[[ Records for the task open ]]
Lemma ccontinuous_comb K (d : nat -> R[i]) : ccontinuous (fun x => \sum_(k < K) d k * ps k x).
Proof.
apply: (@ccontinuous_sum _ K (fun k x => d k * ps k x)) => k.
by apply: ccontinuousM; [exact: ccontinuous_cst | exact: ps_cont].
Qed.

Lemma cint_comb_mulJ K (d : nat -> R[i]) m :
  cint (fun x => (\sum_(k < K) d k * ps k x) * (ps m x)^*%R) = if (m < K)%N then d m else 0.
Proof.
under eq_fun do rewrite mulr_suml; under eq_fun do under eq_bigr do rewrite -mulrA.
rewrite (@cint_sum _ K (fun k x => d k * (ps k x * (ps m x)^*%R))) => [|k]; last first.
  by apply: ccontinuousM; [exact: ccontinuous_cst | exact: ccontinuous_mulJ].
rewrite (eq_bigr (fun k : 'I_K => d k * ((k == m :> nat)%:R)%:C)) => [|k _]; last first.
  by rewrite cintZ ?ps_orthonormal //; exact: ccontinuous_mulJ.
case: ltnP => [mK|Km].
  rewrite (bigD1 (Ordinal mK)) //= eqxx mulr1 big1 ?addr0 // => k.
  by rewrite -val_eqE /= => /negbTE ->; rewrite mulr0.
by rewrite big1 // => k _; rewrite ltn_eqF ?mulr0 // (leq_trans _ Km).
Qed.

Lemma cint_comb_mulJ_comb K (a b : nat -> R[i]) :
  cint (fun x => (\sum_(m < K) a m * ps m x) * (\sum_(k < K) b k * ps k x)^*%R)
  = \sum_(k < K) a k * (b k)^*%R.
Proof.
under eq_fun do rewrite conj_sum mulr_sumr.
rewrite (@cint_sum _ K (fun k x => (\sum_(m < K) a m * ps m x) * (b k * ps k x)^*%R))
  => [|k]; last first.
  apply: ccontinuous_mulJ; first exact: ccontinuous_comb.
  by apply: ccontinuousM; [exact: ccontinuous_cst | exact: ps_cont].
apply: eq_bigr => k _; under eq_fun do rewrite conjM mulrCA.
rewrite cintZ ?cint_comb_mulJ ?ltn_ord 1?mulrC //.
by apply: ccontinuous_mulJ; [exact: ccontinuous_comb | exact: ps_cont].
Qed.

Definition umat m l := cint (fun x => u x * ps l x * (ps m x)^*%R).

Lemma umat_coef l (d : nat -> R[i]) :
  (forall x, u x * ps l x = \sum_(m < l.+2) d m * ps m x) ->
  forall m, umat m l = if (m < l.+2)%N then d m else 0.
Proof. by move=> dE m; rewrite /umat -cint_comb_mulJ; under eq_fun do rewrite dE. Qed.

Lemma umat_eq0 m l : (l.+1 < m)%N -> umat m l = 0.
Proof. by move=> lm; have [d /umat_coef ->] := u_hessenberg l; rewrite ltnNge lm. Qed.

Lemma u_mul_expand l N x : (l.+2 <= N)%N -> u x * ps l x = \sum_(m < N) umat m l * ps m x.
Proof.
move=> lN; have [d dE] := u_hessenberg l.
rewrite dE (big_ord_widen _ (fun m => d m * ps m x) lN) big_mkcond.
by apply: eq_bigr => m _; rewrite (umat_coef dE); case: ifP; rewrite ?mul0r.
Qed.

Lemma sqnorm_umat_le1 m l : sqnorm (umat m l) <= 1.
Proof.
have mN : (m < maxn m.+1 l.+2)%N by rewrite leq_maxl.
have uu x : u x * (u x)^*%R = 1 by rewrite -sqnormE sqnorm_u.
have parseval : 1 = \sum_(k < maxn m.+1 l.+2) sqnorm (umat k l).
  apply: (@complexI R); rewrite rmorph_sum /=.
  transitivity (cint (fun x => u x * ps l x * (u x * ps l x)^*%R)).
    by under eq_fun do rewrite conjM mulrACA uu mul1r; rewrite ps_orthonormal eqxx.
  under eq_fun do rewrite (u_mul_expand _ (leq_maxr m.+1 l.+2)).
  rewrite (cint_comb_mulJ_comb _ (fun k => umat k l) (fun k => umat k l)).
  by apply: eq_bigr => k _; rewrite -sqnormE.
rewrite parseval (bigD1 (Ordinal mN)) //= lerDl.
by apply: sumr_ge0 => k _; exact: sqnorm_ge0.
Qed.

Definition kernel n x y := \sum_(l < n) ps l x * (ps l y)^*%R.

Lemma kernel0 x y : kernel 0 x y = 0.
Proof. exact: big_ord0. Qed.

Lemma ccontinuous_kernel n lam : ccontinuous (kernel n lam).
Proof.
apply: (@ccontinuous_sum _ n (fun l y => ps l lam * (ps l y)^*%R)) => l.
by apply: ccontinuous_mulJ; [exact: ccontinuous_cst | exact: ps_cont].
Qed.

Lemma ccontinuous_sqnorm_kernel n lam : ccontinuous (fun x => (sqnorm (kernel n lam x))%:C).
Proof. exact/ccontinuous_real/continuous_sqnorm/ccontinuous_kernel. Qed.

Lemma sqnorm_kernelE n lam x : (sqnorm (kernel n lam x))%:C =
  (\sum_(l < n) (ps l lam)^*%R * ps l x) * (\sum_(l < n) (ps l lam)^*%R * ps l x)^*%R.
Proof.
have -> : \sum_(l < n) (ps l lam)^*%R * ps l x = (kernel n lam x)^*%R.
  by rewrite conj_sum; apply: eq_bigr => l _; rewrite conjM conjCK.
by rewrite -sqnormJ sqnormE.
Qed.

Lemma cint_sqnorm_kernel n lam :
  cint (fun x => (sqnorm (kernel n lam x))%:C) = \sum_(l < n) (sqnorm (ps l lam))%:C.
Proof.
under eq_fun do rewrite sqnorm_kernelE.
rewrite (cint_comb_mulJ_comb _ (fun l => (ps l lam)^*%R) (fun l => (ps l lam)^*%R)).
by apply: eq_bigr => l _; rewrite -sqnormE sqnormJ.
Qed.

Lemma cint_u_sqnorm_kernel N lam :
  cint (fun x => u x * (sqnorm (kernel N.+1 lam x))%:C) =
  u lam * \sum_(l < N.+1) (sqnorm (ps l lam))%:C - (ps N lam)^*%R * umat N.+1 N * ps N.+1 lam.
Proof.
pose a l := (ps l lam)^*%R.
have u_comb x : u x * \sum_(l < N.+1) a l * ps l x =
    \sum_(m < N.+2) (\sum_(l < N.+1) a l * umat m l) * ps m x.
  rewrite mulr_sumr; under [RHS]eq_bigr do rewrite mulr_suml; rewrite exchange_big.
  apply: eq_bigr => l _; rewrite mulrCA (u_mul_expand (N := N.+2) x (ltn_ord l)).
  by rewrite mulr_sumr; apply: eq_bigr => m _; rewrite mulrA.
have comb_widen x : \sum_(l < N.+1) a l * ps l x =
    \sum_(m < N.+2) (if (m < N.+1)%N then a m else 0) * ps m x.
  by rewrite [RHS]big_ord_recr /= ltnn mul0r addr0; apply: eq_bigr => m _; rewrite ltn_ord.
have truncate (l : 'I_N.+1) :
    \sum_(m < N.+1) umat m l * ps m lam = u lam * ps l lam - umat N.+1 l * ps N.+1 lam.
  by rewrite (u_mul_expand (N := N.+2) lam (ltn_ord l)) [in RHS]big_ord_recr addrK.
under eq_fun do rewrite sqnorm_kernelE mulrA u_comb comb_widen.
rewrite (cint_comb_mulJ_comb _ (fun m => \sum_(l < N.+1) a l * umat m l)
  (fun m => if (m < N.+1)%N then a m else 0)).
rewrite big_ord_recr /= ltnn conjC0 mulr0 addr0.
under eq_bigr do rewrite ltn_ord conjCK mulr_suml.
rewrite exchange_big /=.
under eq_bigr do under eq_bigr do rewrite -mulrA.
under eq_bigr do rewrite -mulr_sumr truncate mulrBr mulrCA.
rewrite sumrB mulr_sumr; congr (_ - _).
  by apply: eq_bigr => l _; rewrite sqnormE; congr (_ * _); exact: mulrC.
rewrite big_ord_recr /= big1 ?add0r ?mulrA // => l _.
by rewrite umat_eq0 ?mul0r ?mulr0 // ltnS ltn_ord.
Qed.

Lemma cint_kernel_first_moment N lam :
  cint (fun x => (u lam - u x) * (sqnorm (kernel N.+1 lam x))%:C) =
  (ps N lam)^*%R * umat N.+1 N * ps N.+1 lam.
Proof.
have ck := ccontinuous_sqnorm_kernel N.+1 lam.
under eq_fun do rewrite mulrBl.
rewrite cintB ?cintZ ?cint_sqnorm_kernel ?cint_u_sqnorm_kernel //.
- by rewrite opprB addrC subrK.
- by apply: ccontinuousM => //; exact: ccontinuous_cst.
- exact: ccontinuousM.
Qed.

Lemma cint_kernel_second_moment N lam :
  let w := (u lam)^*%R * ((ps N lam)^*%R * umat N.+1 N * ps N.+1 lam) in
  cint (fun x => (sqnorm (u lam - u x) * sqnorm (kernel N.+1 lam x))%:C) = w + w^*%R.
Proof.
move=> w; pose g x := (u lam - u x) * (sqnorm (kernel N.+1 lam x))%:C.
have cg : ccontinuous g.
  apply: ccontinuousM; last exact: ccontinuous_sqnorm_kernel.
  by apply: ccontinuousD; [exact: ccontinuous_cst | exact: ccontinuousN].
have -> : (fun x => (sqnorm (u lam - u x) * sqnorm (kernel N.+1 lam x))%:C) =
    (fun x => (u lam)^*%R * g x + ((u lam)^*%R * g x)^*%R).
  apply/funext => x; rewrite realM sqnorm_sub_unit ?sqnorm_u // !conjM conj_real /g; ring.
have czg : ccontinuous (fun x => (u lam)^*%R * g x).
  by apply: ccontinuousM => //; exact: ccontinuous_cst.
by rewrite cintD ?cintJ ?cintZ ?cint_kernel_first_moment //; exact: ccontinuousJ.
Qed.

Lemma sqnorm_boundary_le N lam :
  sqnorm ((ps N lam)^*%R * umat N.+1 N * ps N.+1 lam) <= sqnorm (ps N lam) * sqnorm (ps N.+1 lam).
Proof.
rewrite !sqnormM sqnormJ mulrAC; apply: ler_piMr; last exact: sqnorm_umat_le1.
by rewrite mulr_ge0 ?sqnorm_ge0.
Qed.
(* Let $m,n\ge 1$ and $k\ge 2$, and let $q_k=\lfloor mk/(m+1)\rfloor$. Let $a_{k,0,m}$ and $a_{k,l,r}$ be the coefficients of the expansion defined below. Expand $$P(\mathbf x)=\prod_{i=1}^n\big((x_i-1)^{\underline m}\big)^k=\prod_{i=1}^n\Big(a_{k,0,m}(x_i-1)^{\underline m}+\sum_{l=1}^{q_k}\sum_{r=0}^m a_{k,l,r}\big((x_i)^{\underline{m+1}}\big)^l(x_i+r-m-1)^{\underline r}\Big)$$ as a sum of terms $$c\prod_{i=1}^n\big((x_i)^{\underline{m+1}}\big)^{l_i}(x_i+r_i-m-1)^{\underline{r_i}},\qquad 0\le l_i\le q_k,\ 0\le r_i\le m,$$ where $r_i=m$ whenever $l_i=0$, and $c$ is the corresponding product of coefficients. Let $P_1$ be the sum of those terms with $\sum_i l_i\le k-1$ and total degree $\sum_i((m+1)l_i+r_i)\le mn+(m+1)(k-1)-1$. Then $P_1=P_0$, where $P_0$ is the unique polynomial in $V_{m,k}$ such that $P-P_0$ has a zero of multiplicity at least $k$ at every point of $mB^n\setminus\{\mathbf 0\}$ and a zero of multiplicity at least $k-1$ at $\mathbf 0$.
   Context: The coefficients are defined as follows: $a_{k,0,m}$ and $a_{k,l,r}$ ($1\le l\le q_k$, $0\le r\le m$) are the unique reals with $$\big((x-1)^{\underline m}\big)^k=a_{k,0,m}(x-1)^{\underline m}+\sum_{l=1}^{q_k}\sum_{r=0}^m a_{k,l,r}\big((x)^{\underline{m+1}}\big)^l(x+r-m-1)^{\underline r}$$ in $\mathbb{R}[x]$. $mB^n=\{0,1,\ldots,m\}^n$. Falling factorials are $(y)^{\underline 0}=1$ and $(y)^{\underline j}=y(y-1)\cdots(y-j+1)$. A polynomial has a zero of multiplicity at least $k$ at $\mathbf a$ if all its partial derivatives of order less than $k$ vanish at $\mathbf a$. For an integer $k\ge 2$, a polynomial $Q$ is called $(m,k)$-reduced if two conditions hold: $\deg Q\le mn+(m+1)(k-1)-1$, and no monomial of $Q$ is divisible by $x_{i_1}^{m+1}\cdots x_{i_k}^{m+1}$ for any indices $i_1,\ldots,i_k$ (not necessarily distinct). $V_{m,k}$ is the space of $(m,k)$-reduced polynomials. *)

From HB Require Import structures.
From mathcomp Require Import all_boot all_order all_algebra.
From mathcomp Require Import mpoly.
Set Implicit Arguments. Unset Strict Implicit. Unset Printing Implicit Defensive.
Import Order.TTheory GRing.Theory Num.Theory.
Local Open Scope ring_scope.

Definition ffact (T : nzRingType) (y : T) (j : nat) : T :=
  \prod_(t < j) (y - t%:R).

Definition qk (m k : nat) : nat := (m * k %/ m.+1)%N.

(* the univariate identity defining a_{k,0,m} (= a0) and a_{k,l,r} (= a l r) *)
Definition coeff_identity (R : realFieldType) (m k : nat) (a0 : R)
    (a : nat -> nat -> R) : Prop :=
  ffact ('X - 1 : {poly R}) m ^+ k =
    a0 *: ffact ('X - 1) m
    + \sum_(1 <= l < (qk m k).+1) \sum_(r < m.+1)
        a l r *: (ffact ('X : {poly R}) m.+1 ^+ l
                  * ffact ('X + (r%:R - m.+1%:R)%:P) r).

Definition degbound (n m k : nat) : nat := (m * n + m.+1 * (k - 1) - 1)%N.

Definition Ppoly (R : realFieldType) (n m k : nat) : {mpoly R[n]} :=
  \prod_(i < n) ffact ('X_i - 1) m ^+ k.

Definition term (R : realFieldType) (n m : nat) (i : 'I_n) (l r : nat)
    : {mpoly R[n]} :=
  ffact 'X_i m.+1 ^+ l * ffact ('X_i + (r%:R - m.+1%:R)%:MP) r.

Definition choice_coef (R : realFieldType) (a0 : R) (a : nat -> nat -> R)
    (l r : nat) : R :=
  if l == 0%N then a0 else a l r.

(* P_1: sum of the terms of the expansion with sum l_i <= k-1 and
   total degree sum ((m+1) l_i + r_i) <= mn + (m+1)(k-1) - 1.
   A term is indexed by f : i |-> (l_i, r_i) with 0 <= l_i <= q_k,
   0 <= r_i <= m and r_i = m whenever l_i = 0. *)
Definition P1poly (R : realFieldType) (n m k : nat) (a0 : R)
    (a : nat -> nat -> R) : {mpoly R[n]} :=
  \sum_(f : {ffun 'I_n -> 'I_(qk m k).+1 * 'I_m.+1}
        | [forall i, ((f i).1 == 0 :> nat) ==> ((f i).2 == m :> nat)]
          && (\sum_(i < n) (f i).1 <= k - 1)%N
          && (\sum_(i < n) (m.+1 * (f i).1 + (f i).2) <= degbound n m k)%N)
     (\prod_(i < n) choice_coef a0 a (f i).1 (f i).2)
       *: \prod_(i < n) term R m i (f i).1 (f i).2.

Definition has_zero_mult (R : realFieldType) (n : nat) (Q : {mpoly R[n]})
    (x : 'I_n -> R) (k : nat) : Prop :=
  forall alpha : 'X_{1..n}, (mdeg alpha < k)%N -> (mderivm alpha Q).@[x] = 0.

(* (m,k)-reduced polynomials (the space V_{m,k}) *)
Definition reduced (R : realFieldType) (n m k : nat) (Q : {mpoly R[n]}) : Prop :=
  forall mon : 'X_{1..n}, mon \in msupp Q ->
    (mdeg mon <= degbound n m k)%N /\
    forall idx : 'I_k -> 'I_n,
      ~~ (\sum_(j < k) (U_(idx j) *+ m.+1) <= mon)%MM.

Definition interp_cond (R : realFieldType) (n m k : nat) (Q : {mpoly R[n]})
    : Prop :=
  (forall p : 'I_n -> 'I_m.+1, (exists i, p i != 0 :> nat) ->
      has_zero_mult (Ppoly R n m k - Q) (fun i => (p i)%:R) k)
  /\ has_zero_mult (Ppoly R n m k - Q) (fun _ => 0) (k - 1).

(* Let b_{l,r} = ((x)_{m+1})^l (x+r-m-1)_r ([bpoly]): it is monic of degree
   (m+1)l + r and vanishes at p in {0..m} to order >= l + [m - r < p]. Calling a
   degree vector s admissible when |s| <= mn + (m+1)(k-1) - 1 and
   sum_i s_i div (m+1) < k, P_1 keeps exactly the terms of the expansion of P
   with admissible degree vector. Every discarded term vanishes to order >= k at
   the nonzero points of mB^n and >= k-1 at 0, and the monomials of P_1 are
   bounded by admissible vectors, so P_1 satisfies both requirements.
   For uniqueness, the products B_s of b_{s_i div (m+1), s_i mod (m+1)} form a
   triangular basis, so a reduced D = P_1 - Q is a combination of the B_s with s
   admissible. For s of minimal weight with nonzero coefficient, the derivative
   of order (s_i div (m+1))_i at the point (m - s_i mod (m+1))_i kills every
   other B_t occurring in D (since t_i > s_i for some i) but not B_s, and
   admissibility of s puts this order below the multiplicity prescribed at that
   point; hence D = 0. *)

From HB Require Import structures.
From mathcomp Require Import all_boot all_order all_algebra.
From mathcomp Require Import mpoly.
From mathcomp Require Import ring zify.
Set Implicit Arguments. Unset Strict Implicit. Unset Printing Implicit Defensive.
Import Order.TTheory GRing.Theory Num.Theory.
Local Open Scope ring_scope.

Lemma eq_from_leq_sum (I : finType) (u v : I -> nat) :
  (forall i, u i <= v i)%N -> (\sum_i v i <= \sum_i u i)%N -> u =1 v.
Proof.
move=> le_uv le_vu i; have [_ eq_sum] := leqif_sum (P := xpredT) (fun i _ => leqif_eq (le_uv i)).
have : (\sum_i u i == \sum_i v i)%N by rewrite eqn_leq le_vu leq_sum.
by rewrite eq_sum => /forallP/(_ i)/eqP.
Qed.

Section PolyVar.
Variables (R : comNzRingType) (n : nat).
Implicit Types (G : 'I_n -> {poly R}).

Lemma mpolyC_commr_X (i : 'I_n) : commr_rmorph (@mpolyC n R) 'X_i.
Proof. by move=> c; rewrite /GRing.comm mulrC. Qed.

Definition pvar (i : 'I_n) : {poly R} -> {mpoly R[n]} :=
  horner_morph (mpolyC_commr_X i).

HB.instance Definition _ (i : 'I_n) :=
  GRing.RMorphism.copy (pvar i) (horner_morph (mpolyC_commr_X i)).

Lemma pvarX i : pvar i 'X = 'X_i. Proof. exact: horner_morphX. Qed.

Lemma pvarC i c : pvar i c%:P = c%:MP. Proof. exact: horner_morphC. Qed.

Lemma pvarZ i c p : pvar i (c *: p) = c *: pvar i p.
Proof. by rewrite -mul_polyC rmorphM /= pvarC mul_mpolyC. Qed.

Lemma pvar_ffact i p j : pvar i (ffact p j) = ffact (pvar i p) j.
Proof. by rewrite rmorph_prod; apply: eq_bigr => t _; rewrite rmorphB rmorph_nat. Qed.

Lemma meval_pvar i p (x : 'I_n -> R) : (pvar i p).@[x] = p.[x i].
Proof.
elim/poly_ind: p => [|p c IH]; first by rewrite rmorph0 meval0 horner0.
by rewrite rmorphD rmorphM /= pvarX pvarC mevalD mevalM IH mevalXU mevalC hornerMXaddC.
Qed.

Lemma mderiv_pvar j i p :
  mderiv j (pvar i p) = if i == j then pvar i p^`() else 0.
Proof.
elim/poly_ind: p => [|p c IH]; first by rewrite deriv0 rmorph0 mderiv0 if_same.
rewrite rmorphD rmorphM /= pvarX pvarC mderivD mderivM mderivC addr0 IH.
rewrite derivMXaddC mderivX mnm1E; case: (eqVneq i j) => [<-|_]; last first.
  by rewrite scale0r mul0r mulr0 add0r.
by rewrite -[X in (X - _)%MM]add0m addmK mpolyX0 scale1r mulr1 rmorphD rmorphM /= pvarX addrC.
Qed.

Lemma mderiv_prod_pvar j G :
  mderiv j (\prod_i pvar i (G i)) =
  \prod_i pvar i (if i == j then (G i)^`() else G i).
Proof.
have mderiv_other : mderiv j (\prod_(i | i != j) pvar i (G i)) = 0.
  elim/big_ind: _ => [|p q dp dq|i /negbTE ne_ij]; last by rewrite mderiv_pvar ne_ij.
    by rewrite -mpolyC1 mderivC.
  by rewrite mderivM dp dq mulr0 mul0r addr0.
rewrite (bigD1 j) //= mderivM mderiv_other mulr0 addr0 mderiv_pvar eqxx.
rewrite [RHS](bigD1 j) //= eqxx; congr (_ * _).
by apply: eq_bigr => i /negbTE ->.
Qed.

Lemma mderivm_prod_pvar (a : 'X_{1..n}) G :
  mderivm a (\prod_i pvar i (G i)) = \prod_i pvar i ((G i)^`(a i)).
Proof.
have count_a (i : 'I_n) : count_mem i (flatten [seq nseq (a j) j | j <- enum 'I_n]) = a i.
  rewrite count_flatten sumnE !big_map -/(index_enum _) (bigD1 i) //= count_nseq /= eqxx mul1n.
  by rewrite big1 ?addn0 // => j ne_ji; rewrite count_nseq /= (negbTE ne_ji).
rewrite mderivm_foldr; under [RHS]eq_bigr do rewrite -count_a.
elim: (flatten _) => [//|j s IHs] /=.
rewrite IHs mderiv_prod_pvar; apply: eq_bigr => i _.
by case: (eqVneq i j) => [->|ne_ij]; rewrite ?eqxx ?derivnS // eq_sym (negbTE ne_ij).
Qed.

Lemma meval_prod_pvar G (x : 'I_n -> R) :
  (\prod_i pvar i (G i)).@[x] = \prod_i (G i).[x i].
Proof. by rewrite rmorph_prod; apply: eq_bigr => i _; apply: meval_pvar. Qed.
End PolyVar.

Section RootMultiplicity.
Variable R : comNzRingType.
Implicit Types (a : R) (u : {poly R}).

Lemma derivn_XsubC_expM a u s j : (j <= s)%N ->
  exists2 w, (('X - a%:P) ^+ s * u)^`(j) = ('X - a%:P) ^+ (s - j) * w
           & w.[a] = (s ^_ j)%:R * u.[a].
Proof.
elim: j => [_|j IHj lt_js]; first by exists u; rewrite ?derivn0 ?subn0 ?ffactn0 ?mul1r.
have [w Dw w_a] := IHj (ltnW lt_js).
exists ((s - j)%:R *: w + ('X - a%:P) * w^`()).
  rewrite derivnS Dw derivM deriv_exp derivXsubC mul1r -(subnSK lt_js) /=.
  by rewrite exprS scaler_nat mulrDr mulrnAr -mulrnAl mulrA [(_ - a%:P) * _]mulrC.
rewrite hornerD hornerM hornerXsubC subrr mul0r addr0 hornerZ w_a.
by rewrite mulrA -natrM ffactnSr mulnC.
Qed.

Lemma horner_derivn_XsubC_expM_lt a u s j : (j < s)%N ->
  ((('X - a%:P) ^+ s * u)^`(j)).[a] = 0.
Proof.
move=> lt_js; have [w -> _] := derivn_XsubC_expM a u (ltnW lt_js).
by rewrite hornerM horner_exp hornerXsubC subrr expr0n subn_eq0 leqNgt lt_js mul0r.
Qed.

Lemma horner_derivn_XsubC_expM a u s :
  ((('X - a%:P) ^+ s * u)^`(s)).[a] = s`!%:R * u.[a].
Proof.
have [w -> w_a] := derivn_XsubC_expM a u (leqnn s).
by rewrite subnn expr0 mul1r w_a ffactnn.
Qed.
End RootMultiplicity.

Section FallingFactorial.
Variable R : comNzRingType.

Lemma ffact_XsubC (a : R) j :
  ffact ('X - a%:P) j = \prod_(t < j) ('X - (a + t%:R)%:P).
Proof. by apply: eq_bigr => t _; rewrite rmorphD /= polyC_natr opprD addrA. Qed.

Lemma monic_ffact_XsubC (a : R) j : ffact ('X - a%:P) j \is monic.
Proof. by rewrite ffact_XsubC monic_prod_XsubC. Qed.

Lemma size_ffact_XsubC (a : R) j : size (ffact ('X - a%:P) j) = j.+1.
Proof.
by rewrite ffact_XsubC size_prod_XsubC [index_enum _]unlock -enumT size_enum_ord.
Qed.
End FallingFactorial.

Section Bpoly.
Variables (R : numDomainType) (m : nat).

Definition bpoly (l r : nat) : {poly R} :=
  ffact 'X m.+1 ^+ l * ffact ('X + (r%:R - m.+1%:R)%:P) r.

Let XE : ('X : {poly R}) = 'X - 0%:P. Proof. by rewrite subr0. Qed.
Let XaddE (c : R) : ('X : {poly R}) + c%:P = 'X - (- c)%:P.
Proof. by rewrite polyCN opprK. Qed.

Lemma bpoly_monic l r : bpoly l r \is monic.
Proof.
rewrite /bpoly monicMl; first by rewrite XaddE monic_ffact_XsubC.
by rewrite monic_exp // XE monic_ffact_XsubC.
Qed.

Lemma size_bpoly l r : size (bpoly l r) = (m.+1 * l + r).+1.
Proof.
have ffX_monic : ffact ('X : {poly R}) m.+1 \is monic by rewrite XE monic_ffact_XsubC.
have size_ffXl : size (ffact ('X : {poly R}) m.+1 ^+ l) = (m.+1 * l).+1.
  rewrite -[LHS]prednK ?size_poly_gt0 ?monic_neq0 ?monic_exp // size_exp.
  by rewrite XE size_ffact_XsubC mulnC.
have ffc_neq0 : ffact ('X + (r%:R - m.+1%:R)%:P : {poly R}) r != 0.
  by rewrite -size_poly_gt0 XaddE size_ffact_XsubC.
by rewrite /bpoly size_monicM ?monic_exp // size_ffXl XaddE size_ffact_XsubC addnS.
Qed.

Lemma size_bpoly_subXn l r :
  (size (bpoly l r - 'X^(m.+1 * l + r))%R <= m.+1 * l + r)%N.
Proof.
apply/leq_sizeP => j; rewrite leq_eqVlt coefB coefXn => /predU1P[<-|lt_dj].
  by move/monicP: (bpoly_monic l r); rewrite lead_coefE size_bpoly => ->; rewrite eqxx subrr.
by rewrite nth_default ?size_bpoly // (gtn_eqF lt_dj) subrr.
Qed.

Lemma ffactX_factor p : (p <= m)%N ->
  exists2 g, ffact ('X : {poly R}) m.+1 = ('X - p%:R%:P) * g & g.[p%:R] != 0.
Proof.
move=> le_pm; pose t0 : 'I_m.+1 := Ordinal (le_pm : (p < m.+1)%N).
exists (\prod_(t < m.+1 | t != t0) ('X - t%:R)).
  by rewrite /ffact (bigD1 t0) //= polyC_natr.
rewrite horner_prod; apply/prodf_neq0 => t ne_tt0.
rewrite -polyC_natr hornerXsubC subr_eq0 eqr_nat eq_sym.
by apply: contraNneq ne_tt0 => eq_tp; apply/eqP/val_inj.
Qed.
[[ Records for the task closed ]]
What to do
In the reply, include exactly the lines from the beginning of the entries above through the line holding "by rewrite -val_eqE", and nothing besides.

Your solution
Lemma ccontinuous_comb K (d : nat -> R[i]) : ccontinuous (fun x => \sum_(k < K) d k * ps k x).
Proof.
apply: (@ccontinuous_sum _ K (fun k x => d k * ps k x)) => k.
by apply: ccontinuousM; [exact: ccontinuous_cst | exact: ps_cont].
Qed.

Lemma cint_comb_mulJ K (d : nat -> R[i]) m :
  cint (fun x => (\sum_(k < K) d k * ps k x) * (ps m x)^*%R) = if (m < K)%N then d m else 0.
Proof.
under eq_fun do rewrite mulr_suml; under eq_fun do under eq_bigr do rewrite -mulrA.
rewrite (@cint_sum _ K (fun k x => d k * (ps k x * (ps m x)^*%R))) => [|k]; last first.
  by apply: ccontinuousM; [exact: ccontinuous_cst | exact: ccontinuous_mulJ].
rewrite (eq_bigr (fun k : 'I_K => d k * ((k == m :> nat)%:R)%:C)) => [|k _]; last first.
  by rewrite cintZ ?ps_orthonormal //; exact: ccontinuous_mulJ.
case: ltnP => [mK|Km].
  rewrite (bigD1 (Ordinal mK)) //= eqxx mulr1 big1 ?addr0 // => k.
  by rewrite -val_eqE /= => /negbTE ->; rewrite mulr0.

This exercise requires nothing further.